Dataset entries:
===

Lemma Kn_subset m n : (m <= n)%N -> Kn n `<=` Kn m.
Proof.
move=> mn p [p_hi|p_lo]; [by left|right].
by apply: spec_le_trans p_lo; apply/spec_le_SigmaN_Sigma2.
Qed.

Lemma filtered_KX_Kn : filtered_KX (range Kn).
Proof.
split; [by exists (Kn 0), 0%N|by move=> _ [n _ <-]; exact: KX_Kn|].
move=> _ _ [a _ <-] [b _ <-]; exists (Kn (maxn a b)); first by exists (maxn a b).
by move=> p Kp; split; apply: Kn_subset Kp; rewrite ?leq_maxl ?leq_maxr.
Qed.

Lemma not_S_star_well_filtered_SigmaN_Sigma2 :
  ~ S_star_well_filtered (SigmaN * Sigma2)%type.
Proof.
set U := [set p : SigmaN * Sigma2 | (p.2 : bool) = true].
have oU : open U by apply: open_comp open_Sigma2_true => p _; exact: cvg_snd.
move=> /(_ _ filtered_KX_Kn (Kn 0) (KX_Kn 0) U oU) [].
- by exists ((0%N : SigmaN), (true : Sigma2)).
- move=> [p1 p2] [/(_ (Kn p1.+1) (ex_intro2 _ _ p1.+1 I erefl)) Kp _].
  case: Kp => /spec_le_SigmaN_Sigma2 /= [le1 le2]; last by rewrite ltnn in le1.
  by case: (p2 : bool) le2.
move=> _ [n _ <-] /(_ ((n : SigmaN), (false : Sigma2))) /= nU.
suff : U ((n : SigmaN), (false : Sigma2)) by [].
apply: nU; split; right; apply/spec_le_SigmaN_Sigma2 => //=.
Qed.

===

Work instruction :: Repeat the lines above, from the one containing "move=> _ [n _ <-] /(_" to the final line, word for word and with nothing else.

Solution ::
move=> _ [n _ <-] /(_ ((n : SigmaN), (false : Sigma2))) /= nU.
suff : U ((n : SigmaN), (false : Sigma2)) by [].
apply: nU; split; right; apply/spec_le_SigmaN_Sigma2 => //=.
Qed.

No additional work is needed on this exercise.